どくんと道磨の心臓が、まるで捻られたかのように脈打った。

大学寮から帰った道磨は自室にて、更に学に励んでいた。
そんな道磨がふと、外を見れば眩しい程の晴天。たまには気分を変えて庭園を散策するのも悪くない。と
道磨は庭先へと出たのである。

晴明の屋敷は広い。
それ故に、庭園も中々の広さを誇る。
まだ花をつけていない木々たちを仰ぎながら、しばし散策を楽しんだ道磨の目に飛び込んできたのは黎磨と晴明の姿であった。
声をかけようと思ったが、彼の第六感がざわついた。
何故か声をかけてはいけない気がして、少々気は進まぬが立ち聞きをする事にしたのだ。

「私には少しばかり秘密がある。黎磨…主にだけに話してやろう。」

「晴明様の、秘密?」

「ああ。…私はあの童子と同じ半妖だ。否、半妖だったという言い方が正しいか…」


聞こえてきた会話は、耳を疑うものであった。
晴明が半妖。
それは、慕っていた師に…自分が憎む異形の血が流れているという事だ。

それから道磨は、無心になって話の行く末を辿る。
結果晴明が口にしたのは、あの少年の延命だった。


「そんな、うそだ…」

道磨が声を発せたのは、二人がその場を去ってしばらくした頃の事。
整わない呼吸をしまい込むように、口元に手を当てズルズルとその場にへたり込む。

道磨にとって異形は絶対悪であった。
それは母を異形に殺された事により始まったものだが、晴明の弟子として異形と対峙する度強くなっていった。

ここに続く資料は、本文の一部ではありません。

Lemma wf_contractSet G S r : wf_trigraph G -> r \in S -> wf_trigraph (contractSet G S r).
Proof.
move=> [wfE disjBR] rS.
have new_ok z : z \in tV G :\: S ->
    [set r; z] \subset tV (contractSet G S r) /\ #|[set r; z]| = 2.
  move=> hz; split; first by rewrite subUset !sub1set /= !in_setU in_set1 eqxx orbT hz.
  by rewrite cards2; case: eqP => // Erz; move: hz; rewrite -Erz in_setD rS.
have old_ok (E : {set {set T}}) e : E \subset tB G :|: tR G ->
    e \in [set e' in E | e' \subset tV G :\: S] ->
    e \subset tV (contractSet G S r) /\ #|e| = 2.
  move=> sE; rewrite inE => /andP[eE sub]; split; first exact: subset_trans sub (subsetUl _ _).
  exact: (wfE e (subsetP sE e eE)).2.
split=> [e | ].
  rewrite /= !in_setU => /orP[]/orP[] he.
  - by apply: old_ok he; apply: subsetUl.
  - by case/imsetP: he => z; rewrite inE => /andP[hz _] ->; apply: new_ok.
  - by apply: old_ok he; apply: subsetUr.
  - by case/imsetP: he => z; rewrite inE => /andP[hz _] ->; apply: new_ok.
rewrite -setI_eq0; apply/eqP/setP=> e; rewrite !inE; apply/negbTE.
apply/negP=> /andP[/orP[/andP[eB eBS] | /imsetP[z hz ->]] /orP[/andP[eR eRS] | hR]].
- by rewrite (disjointFr disjBR eB) in eR.
- case/imsetP: hR => z _ Ee.
  by rewrite Ee subUset sub1set in_setD rS in eBS.
- by rewrite subUset sub1set in_setD rS in eRS.
- move: hz; rewrite inE => /andP[hz allB].
  by rewrite mem_new_edges // allB in hR.
Qed.

Section ContractQuotient.
Variables (H G : trigraph T) (p q : T -> T) (S : {set T}) (r : T).
Hypotheses (quotG : is_quotient H p G) (sSG : S \subset tV G) (rS : r \in S).
Hypothesis qE : forall t, t \in tV H -> q t = if p t \in S then r else p t.

Lemma contracted_other x y : x \in S -> y \in tV G :\: S -> x \in tV G /\ x != y.
Proof.
by move=> xS /setDP[_ yS]; split; [exact: subsetP sSG x xS | apply: contraNneq yS => <-].
Qed.

Lemma same_fibre_contract x : x \notin S -> same_fibre H p q x x.
Proof.
move=> xS u hu; rewrite qE //; case: ifP => puS; split=> // Eu.
- by rewrite -Eu puS in xS.
- by rewrite -Eu rS in xS.
Qed.

Lemma fibre_contracted u : u \in tV H -> (p u \in S <-> q u = r).
Proof. by move=> hu; rewrite qE //; case: ifP => puS; split=> // Epu; rewrite Epu rS in puS. Qed.

Lemma fibre_black_contracted y : y \in tV G :\: S ->
  [forall x in S, blackrel G x y] <-> fibre_black H q r y.
Proof.
move=> hyS; have [hy yS] := setDP hyS; have [_ _ EG] := quotG.
split=> [/forall_inP allB u w hu hw /(fibre_contracted hu) puS /(same_fibre_contract yS hw) pwy|].
  have [hx xy] := contracted_other puS hyS.
  exact: ((EG _ _ hx hy xy).1.1 (allB _ puS)).
move=> fb; apply/forall_inP=> x xS; have [hx xy] := contracted_other xS hyS.
apply/(EG _ _ hx hy xy).1.
move=> u w hu hw pux pwy; apply: fb => //.
- by apply/(fibre_contracted hu); rewrite pux.
- exact/(same_fibre_contract yS hw).
Qed.
(* No positivity of w^T w is needed: if it vanishes, the junk value 2 / 0 = 0
   makes the matrix the identity. *)
Lemma householder_mxK n (w : 'cV[F]_n) : householder_mx w *m householder_mx w = 1%:M.
Proof.
set q := (w^T *m w) 0 0; set t := 2 / q.
have wTw : w^T *m w = q%:M by apply/matrixP => i j; rewrite !ord1 [RHS]mxE mulr1n.
have WW : w *m w^T *m (w *m w^T) = q *: (w *m w^T).
  by rewrite mulmxA -(mulmxA w) wTw mul_mx_scalar -scalemxAl.
have tq : t * t * q = t + t.
  rewrite /t; have [->|q0] := eqVneq q 0; first by rewrite invr0 !(mulr0, addr0).
  by field.
rewrite /householder_mx -/q -/t mulmxBl !mulmxBr -!scalemxAl -!scalemxAr.
by rewrite !mul1mx !mulmx1 WW !scalerA tq scalerDl opprB addrK subrK.
Qed.

Lemma mxtrace_idem n (P : 'M[F]_n) : P *m P = P -> \tr P = (\rank P)%:R.
Proof.
move=> PP; have cr := mulmx_base P.
rewrite -{1}cr mxtrace_mulC -mxtrace1; congr (\tr _).
apply: (row_free_inj (row_base_free P)); rewrite mul1mx.
move: (col_base P) (row_base P) cr (col_base_full P) => c r cr /row_fullP[B Bc].
have crcr : c *m r *m (c *m r) = c *m r by rewrite cr.
by have := congr1 (mulmx B) crcr; rewrite !mulmxA Bc !mul1mx.
Qed.

Lemma unitmx_row_neq0 n (U : 'M[F]_n) i : U \in unitmx -> exists j, U i j != 0.
Proof.
move=> Uu; apply/existsP; apply: contraTT Uu; rewrite negb_exists => /forallP U0.
rewrite unitmxE unitfE negbK (expand_det_row _ i) big1 // => j _.
by rewrite (eqP (negPn (U0 j))) mul0r.
Qed.

Lemma unitmx_ker0 n (A : 'M[F]_n) :
  (forall x : 'rV_n, x *m A = 0 -> x = 0) -> A \in unitmx.
Proof.
move=> A_ker0; rewrite -row_free_unit -kermx_eq0; apply/eqP/row_matrixP => i.
by rewrite row0; apply/A_ker0/sub_kermxP; rewrite row_sub.
Qed.

Lemma mxtrace_conj n (U A B : 'M[F]_n) :
  U \in unitmx -> A *m U = U *m B -> \tr A = \tr B.
Proof. by move=> Uu AU; rewrite -(mulmxK Uu A) AU -mulmxA mxtrace_mulC mulmxKV. Qed.

Lemma eigen_scalar_ones_mx n (d : 'I_n -> F) (U : 'M[F]_n) (p q : F) i :
  U \in unitmx -> diag_mx (\row_i d i) *m U = U *m (p%:M + q *: ones_mx F n) ->
  (d i - (p + n%:R * q)) * (d i - p) = 0.
Proof.
move=> Uu DU.
have rowU j : (d i - p) * U i j = q * \sum_k U i k.
  have := congr1 (fun M : 'M[F]_n => M i j) DU.
  rewrite mulmxDr mul_mx_scalar -scalemxAr mul_diag_mx !mxE => DUij.
  rewrite mulrBl DUij addrAC subrr add0r.
  by under eq_bigr do rewrite mxE mulr1.
have sumU : (d i - (p + n%:R * q)) * \sum_k U i k = 0.
  have -> : (d i - (p + n%:R * q)) * \sum_k U i k =
            \sum_k (d i - p) * U i k - n%:R * q * \sum_k U i k.
    by rewrite -mulr_sumr; ring.
  under eq_bigr do rewrite rowU.
  by rewrite sumr_const card_ord -mulr_natl; ring.
have [j Uij] := unitmx_row_neq0 i Uu.
by apply/eqP; rewrite -(mulIr_eq0 _ (mulIf Uij)) -mulrA rowU mulrCA sumU mulr0.
Qed.

End FieldMatrix.

Lemma perm_eq_sqr_values (R : numDomainType) (L : seq R) (a b : R) :
  0 <= a -> 0 <= b -> (0 < size L)%N ->
  {in L, forall x, 0 <= x /\ (x ^+ 2 = a ^+ 2 \/ x ^+ 2 = b ^+ 2)} ->
  \sum_(x <- L) x ^+ 2 = a ^+ 2 + (size L).-1%:R * b ^+ 2 ->
  perm_eq L (a :: nseq (size L).-1 b).
Proof.
move=> a0 b0 L0 Lab sumL.
have sqr_inj (x y : R) : 0 <= x -> 0 <= y -> x ^+ 2 = y ^+ 2 -> x = y.
  by move=> x0 y0 /eqP; rewrite eqrXn2 // => /eqP.
have Lab' : {in L, forall x, x = a \/ x = b}.
  move=> x /Lab[x0 [xa|xb]]; [left; exact: sqr_inj xa | right; exact: sqr_inj xb].
have [a_eq_b|ab] := eqVneq a b.
  subst b.
  have /all_pred1P L_a : all (pred1 a) L by apply/allP => x /Lab'[] -> /=.
  by rewrite {1}L_a -(prednK L0).
have count_a : count_mem a L = 1%N.
  have sqr_ab : a ^+ 2 - b ^+ 2 != 0 by rewrite subr_eq0 eqrXn2.
  suff E : (count_mem a L)%:R * (a ^+ 2 - b ^+ 2) = a ^+ 2 - b ^+ 2.
    by apply/eqP; rewrite -(pnatr_eq1 R); apply/eqP/(mulIf sqr_ab); rewrite mul1r.
  transitivity (\sum_(x <- L) (x ^+ 2 - b ^+ 2)).
    rewrite -sum1_count natr_sum mulr_suml big_mkcond /=; apply: eq_big_seq => x xL.
    case: (Lab' x xL) => ->; first by rewrite eqxx mul1r.
    by rewrite eq_sym (negbTE ab) subrr.
  rewrite sumrB sumL big_const_seq count_predT iter_addr_0 -(prednK L0) /=.
  by rewrite mulrSr mulr_natl; ring.
have aL : a \in L by rewrite -has_pred1 has_count count_a.
have L_rem := perm_to_rem aL.
have a_rem : a \notin rem a L.
  apply/count_memPn; move/permP: L_rem => /(_ (pred1 a)) /=.
  by rewrite count_a eqxx => -[].
have rem_b : rem a L = nseq (size (rem a L)) b.
  apply/all_pred1P/allP => y yr; have [ya|-> //=] := Lab' y (mem_rem yr).
  by rewrite ya in yr; rewrite yr in a_rem.
by move: L_rem; rewrite rem_b size_rem.
Qed.

Section ComplexMatrix.
Variable C : numClosedFieldType.

Lemma householder_ones n (i0 : 'I_n) : exists O : 'M[C]_n,
  [/\ forall i j, O i j \is Num.real, O^T = O, O *m O = 1%:M &
      O *m (const_mx 1 : 'cV_n) = sqrtC n%:R *: delta_mx i0 (0 : 'I_1)].
Proof.
set r := sqrtC n%:R; pose u : 'cV[C]_n := const_mx 1.
pose w : 'cV[C]_n := r *: delta_mx i0 (0 : 'I_1) - u.
have r_real : r \is Num.real by rewrite ger0_real // sqrtC_ge0 ler0n.
have wE k : w k 0 = r * (k == i0)%:R - 1 by rewrite !mxE eqxx andbT.
have wTw : (w^T *m w) 0 0 = 2 * n%:R - 2 * r.
  have sqr_w k : w^T 0 k * w k 0 = (r ^+ 2 - 2 * r) * (k == i0)%:R + 1.
    by rewrite mxE wE; case: (k == i0); rewrite /= ?mulr1 ?mulr0; ring.
  rewrite mxE; under eq_bigr do rewrite sqr_w.
  by rewrite big_split /= (sum_mul_delta (fun=> _)) sumr_const card_ord sqrtCK; ring.
have wTu : w^T *m u = (r - n%:R)%:M.
  apply/matrixP => i j; rewrite !ord1 !mxE.
  under eq_bigr => k _ do rewrite !mxE eqxx andbT mulr1.
  by rewrite sumrB (sum_mul_delta (fun=> r)) sumr_const card_ord eqxx mulr1n.
have t_real : 2 / (w^T *m w) 0 0 \is Num.real.
  by rewrite rpredM ?rpred_nat ?rpredV // wTw !(rpredB, rpredM, rpred_nat).
exists (householder_mx w); split; [|exact: trmx_householder|exact: householder_mxK|].
  move=> i j; rewrite /householder_mx; move: (2 / _) t_real => t t_real.
  rewrite !mxE big_ord1 !mxE.
  by rewrite rpredB ?rpred_nat // rpredM // !(rpredB, rpredM, rpred_nat, rpred1).
rewrite /householder_mx mulmxBl mul1mx -scalemxAl -mulmxA wTu mul_mx_scalar scalerA.
have [q0|q0] := eqVneq ((w^T *m w) 0 0) 0.
  (* This happens only for n = 1, where O = 1 and r = 1. *)
  have rn : r = n%:R.
    have : 2 * (n%:R - r) = 0 by rewrite mulrBr -wTw.
    by move/eqP; rewrite mulf_eq0 pnatr_eq0 /= subr_eq0 => /eqP <-.
  have n1 : n = 1%N.
    have n0 : (0 < n)%N := leq_ltn_trans (leq0n i0) (ltn_ord i0).
    have := sqrtCK (n%:R : C); rewrite -/r rn -natrX => /eqP; rewrite eqr_nat.
    by rewrite -{2}[n]muln1 expnS expn1 eqn_pmul2l // => /eqP.
  subst n; rewrite q0 invr0 mulr0 mul0r scale0r subr0.
  by apply/matrixP => k l; rewrite !ord1 rn !mxE /= mulr1.
have -> : 2 / (w^T *m w) 0 0 * (r - n%:R) = -1.
  by rewrite wTw; field; rewrite -wTw.
by rewrite scaleN1r opprK addrC subrK.
Qed.
Lemma hermitian_lincomb n m (c : 'I_n -> C) (a : 'I_n -> 'M[C]_m) :
  (forall k, c k \is Num.real) -> (forall k, Defs.hermitian (a k)) ->
  Defs.hermitian (\sum_k c k *: a k).
Proof.
move=> c_real a_herm; apply/matrixP => i j; rewrite !mxE !summxE rmorph_sum.
apply: eq_bigr => k _; rewrite !mxE rmorphM /= conj_Creal //.
by have /matrixP/(_ i j) := a_herm k; rewrite !mxE => ->.
Qed.

Lemma design_gram m n (P : 'I_n -> 'M[C]_m) :
  (0 < m)%N -> (0 < n)%N -> (m = 1%N -> n = 1%N) ->
  quantum_design P -> regular_r1 P -> coherent P -> degree1 P ->
  exists mu : C, [/\ gram P P = (1 - mu)%:M + mu *: ones_mx C n,
                     0 < 1 - mu & 1 - mu + n%:R * mu = n%:R / m%:R].
Proof.
move=> m0 n0 m1 P_proj P_rank [c P_sum] [mu [_ P_mu]].
have tr1 k : \tr (P k) = 1 by rewrite mxtrace_idem ?P_rank //; case: (P_proj k).
have P_gram : gram P P = (1 - mu)%:M + mu *: ones_mx C n.
  apply/matrixP => k l; rewrite !mxE; have [<-|kl] := eqVneq k l.
    by case: (P_proj k) => _ ->; rewrite tr1 mulr1n mulr1 subrK.
  by rewrite P_mu // mulr0n mulr1 add0r.
have n_cm : n%:R = c * m%:R.
  have := congr1 mxtrace P_sum; rewrite raddf_sum mxtrace_scalar /=.
  under eq_bigr do rewrite tr1.
  by rewrite sumr_const card_ord mulr_natr.
have row_sum : 1 - mu + n%:R * mu = c.
  pose k0 := Ordinal n0.
  have := congr1 (fun M => \tr (P k0 *m M)) P_sum.
  rewrite /= mulmx_sumr raddf_sum mul_mx_scalar mxtraceZ tr1 mulr1 => <-.
  rewrite (bigD1 k0) //= (P_proj k0).2 tr1.
  under eq_bigr => l lk0 do rewrite P_mu 1?eq_sym //.
  by rewrite sumr_const cardC1 card_ord -subn1 mulrnBr //; ring.
have m_gt0 : m%:R != 0 :> C by rewrite pnatr_eq0 -lt0n.
have c_val : c = n%:R / m%:R by rewrite n_cm mulfK.
(* For n = 1 the degree-one condition is vacuous and mu = 0 will do. *)
have [n1|n1] := eqVneq n 1%N.
  subst n; exists 0; rewrite subr0 ltr01 mulr0 addr0; split => //.
    rewrite scale0r addr0; apply/matrixP => k l.
    by rewrite !ord1 P_gram !mxE !mulr1n mulr1 subrK.
  have c1 : c = 1 by rewrite -row_sum mul1r subrK.
  by move: n_cm; rewrite c1 mul1r => <-; rewrite divr1.
have m_gt1 : (1 < m)%N.
  by rewrite ltn_neqAle eq_sym m0 andbT; apply: contra n1 => /eqP/m1->.
exists mu; split; rewrite ?row_sum //.
have n1_gt0 : 0 < (n.-1)%:R :> C by rewrite ltr0n -ltnS prednK // ltn_neqAle eq_sym n1.
rewrite -(pmulr_rgt0 _ n1_gt0).
have -> : (n.-1)%:R * (1 - mu) = c * (m%:R - 1).
  by rewrite -subn1 natrB // [RHS]mulrBr mulr1 -n_cm -row_sum; ring.
by rewrite mulr_gt0 ?subr_gt0 ?ltr1n // c_val divr_gt0 ?ltr0n.
Qed.

End ComplexMatrix.

Section HouseholderFrame.
Variables (C : numClosedFieldType) (n : nat) (i0 : 'I_n) (O : 'M[C]_n).
Hypotheses (O_real : forall i j, O i j \is Num.real) (O_sym : O^T = O)
  (O_orth : O *m O = 1%:M)
  (O_ones : O *m (const_mx 1 : 'cV_n) = sqrtC n%:R *: delta_mx i0 (0 : 'I_1)).

Definition frame_scale (mu : C) j :=
  sqrtC (if j == i0 then 1 - mu + n%:R * mu else 1 - mu).

Definition frame m (a : 'I_n -> 'M[C]_m) mu j :=
  (frame_scale mu j)^-1 *: \sum_k O j k *: a k.

Lemma householder_conj_gram mu :
  O *m ((1 - mu)%:M + mu *: ones_mx C n) *m O^T =
  diag_mx (\row_j frame_scale mu j ^+ 2).
Proof.
have OJO : O *m ones_mx C n *m O^T = n%:R *: delta_mx i0 i0.
  rewrite ones_mx_col mulmxA O_ones -mulmxA -trmx_const -trmx_mul O_ones.
  rewrite linearZ /= -scalemxAl -scalemxAr scalerA -expr2 sqrtCK trmx_delta.
  by rewrite mul_delta_mx.
rewrite mulmxDr mulmxDl mul_mx_scalar -scalemxAr -!scalemxAl OJO O_sym O_orth.
apply/matrixP => i j; rewrite !mxE sqrtCK.
have [<-|ij] := eqVneq i j.
  by rewrite andbb; case: (i == i0); rewrite /= ?mulr1n ?mulr1 ?mulr0 ?addr0 // mulrC.
have -> : (i == i0) && (j == i0) = false by apply: contraNF ij => /andP[/eqP-> /eqP->].
by rewrite /= !mulr0 addr0 mulr0n.
Qed.

Lemma frame_scale_gt0 mu :
  0 < 1 - mu -> 0 < 1 - mu + n%:R * mu -> forall j, 0 < frame_scale mu j.
Proof. by move=> e_gt0 f_gt0 j; rewrite sqrtC_gt0; case: ifP. Qed.

Lemma frame_orthonormal m (a : 'I_n -> 'M[C]_m) mu :
  (forall k, Defs.hermitian (a k)) ->
  gram a a = (1 - mu)%:M + mu *: ones_mx C n ->
  0 < 1 - mu -> 0 < 1 - mu + n%:R * mu -> orthonormal_herm (frame a mu).
Proof.
move=> a_herm a_gram e_gt0 f_gt0; have s_gt0 := frame_scale_gt0 e_gt0 f_gt0.
split=> [j|k l].
  rewrite /frame scaler_sumr; under eq_bigr do rewrite scalerA.
  by apply: hermitian_lincomb => // k; rewrite rpredM // rpredV gtr0_real.
have -> : \tr (frame a mu k *m frame a mu l) = gram (frame a mu) (frame a mu) k l.
  by rewrite mxE.
rewrite (gram_scale (fun j => (frame_scale mu j)^-1) (fun j => (frame_scale mu j)^-1)
           (fun j => \sum_k O j k *: a k) (fun j => \sum_k O j k *: a k)).
rewrite gram_lincomb a_gram householder_conj_gram mul_mx_diag mul_diag_mx !mxE.
have [<-|kl] := eqVneq k l; last by rewrite mulr0n mulr0 mul0r.
by rewrite mulr1n expr2 mulrA mulVf ?mul1r ?mulfV // gt_eqF.
Qed.

Lemma frame_tens_sum m p (a : 'I_n -> 'M[C]_m) (b : 'I_n -> 'M[C]_p) muA muB :
  (forall j, 0 < frame_scale muA j) -> (forall j, 0 < frame_scale muB j) ->
  \sum_j (frame_scale muA j * frame_scale muB j / n%:R) *:
      (frame a muA j *t frame b muB j) =
  n%:R^-1 *: \sum_k (a k *t b k).
Proof.
move=> sA_gt0 sB_gt0; rewrite -(@sum_tens_orthogonal _ _ _ _ O) ?O_sym //.
rewrite scaler_sumr; apply: eq_bigr => j _.
rewrite /frame tensmxZl tensmxZr !scalerA; congr (_ *: _).
have n_gt0 : 0 < n%:R :> C by rewrite ltr0n (leq_ltn_trans (leq0n i0) (ltn_ord i0)).
by field; rewrite (gt_eqF n_gt0) (gt_eqF (sA_gt0 j)) (gt_eqF (sB_gt0 j)).
Qed.

End HouseholderFrame.

Section SchmidtCoefficientSpectrum.
Variables (C : numClosedFieldType) (n mA mB : nat).
Variables (a G : 'I_n -> 'M[C]_mA) (b H : 'I_n -> 'M[C]_mB) (lam : 'I_n -> C).
Hypotheses (n_gt0 : (0 < n)%N)
  (a_unit : gram a a \in unitmx) (b_unit : gram b b \in unitmx)
  (G_orth : forall k l, \tr (G k *m G l) = (k == l)%:R)
  (H_orth : forall k l, \tr (H k *m H l) = (k == l)%:R)
  (ab_dec : n%:R^-1 *: \sum_k (a k *t b k) = \sum_k lam k *: (G k *t H k)).

Lemma schmidt_pairing X Y :
  \sum_j lam j * (\tr (G j *m X) * \tr (H j *m Y)) =
  n%:R^-1 * \sum_k \tr (a k *m X) * \tr (b k *m Y).
Proof.
rewrite -mxtrace_sum_tens_mul -ab_dec -scalemxAl /= mxtraceZ mulmx_suml raddf_sum.
by congr (_ * _); apply: eq_bigr => k _; rewrite /= tensmx_mul mxtrace_tensmx.
Qed.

この世は人の世だ。他人の畑で悪さをする異形は害虫と同じ。
人の世を守るためには、駆除しなくてはならない。

いつしか道磨の中でかがげられたものは、偏った絶対正義だった。

「落ち着け、落ち着くのだ…」

口元を抑える手がカタカタと小さく震える。
自分に言い聞かせるように、そう呟いた道磨に沸き起こるのは形容し難い感情ばかりだった。

自分は人の為、都のため…絶対正義を掲げているのだ。なのに、片割れである弟は異形との共存を叫んでいる。
あの少年の事も、何もかも。
自分は危険と判断し、案を唱えたというのに
尊敬する師は首を縦にふろうとはしなかった。

それもその筈。なにせ、その師も片足を異形の世に踏み入れたような存在なのだから…。

そんな師は、自分の重大な秘密を…敢えて片割れである弟にだけ話した。

「…はは。」

道磨の口から、乾いた笑いがこぼれ落ちた。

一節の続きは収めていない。